Exercise description:
Below are some records. Print exactly the lines between the one holding "a b| < eps." and the one holding "forall (E' A'", inclusive, and nothing else.

Stored items

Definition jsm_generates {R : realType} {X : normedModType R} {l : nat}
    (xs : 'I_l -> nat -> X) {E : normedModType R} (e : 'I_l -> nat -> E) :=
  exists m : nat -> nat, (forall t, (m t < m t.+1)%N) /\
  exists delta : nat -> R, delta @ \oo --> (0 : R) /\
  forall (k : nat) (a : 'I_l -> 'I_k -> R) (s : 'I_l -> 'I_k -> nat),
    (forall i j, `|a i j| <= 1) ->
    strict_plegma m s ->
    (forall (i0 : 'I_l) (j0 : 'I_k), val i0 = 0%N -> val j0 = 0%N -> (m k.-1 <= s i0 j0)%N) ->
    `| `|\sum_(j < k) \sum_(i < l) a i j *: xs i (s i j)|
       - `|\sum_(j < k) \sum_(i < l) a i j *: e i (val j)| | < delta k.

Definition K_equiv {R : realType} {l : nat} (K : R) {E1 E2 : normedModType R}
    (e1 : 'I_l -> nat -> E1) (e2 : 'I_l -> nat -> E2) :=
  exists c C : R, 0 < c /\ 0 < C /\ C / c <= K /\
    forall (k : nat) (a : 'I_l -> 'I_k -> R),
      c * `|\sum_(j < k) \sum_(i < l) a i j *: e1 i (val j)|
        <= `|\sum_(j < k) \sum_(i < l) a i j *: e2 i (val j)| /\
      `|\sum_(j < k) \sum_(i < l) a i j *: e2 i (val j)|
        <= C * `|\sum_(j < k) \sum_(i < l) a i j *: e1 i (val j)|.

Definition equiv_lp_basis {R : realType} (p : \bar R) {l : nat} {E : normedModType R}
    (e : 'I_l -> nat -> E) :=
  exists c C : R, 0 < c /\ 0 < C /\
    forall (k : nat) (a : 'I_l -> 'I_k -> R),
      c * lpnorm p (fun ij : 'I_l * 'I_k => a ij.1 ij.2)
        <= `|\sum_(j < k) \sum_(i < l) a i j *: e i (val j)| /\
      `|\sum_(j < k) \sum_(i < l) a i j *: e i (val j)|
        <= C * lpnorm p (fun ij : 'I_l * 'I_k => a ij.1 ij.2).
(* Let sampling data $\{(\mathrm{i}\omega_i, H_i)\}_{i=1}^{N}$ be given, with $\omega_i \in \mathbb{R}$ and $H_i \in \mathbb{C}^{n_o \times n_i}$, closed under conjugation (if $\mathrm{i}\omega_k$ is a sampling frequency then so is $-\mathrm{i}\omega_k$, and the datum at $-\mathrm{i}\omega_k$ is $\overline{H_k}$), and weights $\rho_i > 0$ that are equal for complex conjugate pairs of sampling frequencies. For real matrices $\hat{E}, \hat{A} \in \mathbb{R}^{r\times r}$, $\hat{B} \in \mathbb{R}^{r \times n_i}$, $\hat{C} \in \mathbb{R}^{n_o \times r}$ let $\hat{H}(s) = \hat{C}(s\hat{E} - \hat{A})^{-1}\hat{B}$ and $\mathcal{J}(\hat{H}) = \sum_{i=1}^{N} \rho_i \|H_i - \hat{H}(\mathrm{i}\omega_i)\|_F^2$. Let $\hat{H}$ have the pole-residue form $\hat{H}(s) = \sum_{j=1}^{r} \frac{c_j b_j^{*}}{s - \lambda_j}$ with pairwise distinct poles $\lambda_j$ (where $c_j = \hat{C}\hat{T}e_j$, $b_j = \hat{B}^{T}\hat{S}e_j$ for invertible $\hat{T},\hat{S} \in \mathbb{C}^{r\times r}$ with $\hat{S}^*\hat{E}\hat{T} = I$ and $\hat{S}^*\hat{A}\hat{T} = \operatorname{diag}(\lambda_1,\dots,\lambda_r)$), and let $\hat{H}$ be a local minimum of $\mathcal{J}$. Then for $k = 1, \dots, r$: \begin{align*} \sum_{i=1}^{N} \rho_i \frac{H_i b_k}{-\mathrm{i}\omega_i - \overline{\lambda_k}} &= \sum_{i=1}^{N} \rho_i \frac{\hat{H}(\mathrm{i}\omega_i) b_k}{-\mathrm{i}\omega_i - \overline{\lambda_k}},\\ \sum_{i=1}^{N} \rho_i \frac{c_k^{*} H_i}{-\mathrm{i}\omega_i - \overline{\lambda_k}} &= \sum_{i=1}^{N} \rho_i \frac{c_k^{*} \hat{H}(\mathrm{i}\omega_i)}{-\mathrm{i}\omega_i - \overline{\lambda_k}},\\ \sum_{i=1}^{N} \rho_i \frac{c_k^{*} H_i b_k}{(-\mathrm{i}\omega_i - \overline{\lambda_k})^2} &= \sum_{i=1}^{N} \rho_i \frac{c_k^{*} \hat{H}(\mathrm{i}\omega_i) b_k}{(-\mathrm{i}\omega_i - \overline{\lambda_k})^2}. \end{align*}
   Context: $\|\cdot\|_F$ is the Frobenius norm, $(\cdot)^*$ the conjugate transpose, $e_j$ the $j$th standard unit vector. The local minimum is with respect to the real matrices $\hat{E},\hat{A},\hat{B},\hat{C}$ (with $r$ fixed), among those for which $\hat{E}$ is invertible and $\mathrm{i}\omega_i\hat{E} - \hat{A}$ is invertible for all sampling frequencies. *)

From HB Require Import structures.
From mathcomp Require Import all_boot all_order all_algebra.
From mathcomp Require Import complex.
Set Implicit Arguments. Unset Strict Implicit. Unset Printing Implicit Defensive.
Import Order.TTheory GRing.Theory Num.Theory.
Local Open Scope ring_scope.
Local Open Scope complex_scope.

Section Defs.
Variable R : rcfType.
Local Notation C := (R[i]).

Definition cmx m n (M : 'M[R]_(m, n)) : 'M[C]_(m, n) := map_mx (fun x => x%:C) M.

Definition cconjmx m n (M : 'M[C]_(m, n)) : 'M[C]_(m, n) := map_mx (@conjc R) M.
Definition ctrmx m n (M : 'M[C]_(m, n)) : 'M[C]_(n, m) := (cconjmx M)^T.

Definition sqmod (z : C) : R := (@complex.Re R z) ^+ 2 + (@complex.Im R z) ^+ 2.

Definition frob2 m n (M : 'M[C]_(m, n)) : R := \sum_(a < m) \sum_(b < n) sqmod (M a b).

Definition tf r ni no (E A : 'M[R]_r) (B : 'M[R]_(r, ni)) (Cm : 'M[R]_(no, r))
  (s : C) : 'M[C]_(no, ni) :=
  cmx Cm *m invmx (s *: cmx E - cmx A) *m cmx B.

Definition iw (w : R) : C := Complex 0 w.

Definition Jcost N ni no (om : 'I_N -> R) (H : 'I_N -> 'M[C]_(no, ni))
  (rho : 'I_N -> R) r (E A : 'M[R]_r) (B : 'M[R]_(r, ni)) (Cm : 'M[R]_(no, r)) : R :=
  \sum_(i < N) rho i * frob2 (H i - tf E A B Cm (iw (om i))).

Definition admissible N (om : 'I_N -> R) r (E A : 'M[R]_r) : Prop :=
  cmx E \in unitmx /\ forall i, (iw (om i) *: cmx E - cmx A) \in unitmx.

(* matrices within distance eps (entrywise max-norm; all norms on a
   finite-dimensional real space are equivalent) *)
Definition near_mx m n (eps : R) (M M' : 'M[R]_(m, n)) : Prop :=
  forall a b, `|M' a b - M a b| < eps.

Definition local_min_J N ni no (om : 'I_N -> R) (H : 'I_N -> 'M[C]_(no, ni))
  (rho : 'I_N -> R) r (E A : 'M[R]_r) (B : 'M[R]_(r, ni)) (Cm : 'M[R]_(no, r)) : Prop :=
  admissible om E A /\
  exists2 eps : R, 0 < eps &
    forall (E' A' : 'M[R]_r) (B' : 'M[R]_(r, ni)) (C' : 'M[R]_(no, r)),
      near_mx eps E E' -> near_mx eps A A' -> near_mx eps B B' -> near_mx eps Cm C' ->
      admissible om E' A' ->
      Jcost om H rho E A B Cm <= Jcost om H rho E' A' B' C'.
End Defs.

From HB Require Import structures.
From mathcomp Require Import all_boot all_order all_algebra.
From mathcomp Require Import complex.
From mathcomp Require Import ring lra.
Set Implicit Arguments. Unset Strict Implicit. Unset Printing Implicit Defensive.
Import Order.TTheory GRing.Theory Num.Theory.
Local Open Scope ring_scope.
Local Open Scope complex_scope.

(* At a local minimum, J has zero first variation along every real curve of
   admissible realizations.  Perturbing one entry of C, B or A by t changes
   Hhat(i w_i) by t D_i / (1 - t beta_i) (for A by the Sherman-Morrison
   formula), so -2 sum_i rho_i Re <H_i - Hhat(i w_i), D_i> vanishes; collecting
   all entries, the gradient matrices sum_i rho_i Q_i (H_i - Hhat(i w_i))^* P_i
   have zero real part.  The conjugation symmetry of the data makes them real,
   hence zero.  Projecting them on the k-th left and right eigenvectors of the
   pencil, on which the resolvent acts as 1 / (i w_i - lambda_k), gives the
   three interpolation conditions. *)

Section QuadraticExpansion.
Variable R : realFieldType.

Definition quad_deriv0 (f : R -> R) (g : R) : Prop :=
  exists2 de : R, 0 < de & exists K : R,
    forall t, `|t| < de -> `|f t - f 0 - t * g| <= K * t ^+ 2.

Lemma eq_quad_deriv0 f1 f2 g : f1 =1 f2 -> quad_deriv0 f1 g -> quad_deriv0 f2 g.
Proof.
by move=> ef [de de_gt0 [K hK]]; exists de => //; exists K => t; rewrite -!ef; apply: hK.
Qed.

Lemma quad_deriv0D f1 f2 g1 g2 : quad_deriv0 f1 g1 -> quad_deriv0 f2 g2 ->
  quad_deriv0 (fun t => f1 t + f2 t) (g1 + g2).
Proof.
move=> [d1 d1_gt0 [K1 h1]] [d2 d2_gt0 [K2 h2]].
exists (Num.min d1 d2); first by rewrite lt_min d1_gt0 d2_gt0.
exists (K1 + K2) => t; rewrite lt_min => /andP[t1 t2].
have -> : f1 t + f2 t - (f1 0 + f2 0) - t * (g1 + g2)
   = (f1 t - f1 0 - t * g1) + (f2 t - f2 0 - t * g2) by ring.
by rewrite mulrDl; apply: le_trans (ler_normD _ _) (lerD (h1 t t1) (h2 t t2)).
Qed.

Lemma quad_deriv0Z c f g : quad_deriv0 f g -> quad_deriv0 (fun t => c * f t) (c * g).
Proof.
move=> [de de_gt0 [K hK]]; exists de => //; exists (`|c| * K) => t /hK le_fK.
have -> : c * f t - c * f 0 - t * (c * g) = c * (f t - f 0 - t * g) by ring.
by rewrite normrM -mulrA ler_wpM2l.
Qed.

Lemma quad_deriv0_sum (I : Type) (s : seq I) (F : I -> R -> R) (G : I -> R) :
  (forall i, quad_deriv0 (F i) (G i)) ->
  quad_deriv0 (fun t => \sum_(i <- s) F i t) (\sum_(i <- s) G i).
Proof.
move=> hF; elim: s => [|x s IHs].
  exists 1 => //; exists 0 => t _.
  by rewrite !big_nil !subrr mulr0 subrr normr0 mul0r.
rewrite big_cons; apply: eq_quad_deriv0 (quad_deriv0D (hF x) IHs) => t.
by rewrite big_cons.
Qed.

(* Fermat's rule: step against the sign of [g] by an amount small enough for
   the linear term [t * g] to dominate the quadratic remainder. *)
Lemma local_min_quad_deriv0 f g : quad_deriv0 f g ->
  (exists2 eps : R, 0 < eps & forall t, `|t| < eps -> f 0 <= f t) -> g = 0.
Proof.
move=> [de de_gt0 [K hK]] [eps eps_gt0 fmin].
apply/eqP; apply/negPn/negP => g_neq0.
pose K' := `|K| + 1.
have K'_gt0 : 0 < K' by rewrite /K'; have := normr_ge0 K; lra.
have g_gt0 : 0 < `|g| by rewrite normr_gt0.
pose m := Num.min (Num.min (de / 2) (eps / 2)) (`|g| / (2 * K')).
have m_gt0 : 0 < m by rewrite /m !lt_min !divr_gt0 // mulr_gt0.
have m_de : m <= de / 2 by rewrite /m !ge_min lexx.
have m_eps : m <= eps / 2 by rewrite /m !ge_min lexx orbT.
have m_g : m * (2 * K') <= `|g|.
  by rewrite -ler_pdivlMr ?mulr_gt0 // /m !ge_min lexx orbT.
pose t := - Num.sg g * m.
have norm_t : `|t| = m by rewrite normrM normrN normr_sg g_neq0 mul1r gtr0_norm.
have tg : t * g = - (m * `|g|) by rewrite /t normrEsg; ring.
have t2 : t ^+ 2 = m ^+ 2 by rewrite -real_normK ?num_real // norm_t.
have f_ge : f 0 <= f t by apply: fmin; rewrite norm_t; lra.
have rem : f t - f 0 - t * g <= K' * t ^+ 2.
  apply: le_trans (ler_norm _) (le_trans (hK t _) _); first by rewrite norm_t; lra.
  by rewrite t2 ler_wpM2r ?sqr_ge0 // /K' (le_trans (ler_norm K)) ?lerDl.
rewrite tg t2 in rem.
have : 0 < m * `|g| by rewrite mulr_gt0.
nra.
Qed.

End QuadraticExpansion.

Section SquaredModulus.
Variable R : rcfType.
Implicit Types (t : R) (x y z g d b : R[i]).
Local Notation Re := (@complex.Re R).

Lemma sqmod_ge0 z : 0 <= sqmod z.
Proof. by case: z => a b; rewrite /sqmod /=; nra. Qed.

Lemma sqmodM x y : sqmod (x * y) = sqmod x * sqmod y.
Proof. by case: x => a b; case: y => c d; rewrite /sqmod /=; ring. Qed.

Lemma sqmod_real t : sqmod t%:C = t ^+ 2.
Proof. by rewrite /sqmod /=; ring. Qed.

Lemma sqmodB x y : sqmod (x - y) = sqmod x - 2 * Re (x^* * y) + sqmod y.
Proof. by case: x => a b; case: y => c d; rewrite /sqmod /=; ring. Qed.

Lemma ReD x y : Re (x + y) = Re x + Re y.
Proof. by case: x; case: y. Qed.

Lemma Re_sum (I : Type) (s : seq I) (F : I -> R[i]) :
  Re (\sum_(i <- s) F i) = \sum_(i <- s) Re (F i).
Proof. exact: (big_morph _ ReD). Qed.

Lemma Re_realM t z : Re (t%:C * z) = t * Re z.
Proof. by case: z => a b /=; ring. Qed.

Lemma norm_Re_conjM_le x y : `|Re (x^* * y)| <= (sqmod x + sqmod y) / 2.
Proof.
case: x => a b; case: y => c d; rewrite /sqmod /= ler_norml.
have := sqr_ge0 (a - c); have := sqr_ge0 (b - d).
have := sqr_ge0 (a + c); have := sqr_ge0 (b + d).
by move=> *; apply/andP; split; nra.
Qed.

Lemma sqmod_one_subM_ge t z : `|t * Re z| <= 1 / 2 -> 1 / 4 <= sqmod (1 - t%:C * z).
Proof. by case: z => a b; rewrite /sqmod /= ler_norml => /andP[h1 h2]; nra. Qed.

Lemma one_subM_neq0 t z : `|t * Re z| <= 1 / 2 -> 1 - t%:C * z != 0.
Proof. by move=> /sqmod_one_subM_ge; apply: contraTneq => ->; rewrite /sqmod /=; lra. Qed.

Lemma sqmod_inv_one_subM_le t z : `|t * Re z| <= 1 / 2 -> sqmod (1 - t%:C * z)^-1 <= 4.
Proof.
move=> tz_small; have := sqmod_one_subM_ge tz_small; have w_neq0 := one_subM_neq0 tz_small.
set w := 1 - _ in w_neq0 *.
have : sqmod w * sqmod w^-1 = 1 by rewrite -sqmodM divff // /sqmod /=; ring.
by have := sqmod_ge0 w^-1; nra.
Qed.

Answer:
  forall a b, `|M' a b - M a b| < eps.

Definition local_min_J N ni no (om : 'I_N -> R) (H : 'I_N -> 'M[C]_(no, ni))
  (rho : 'I_N -> R) r (E A : 'M[R]_r) (B : 'M[R]_(r, ni)) (Cm : 'M[R]_(no, r)) : Prop :=
  admissible om E A /\
  exists2 eps : R, 0 < eps &
    forall (E' A' : 'M[R]_r) (B' : 'M[R]_(r, ni)) (C' : 'M[R]_(no, r)),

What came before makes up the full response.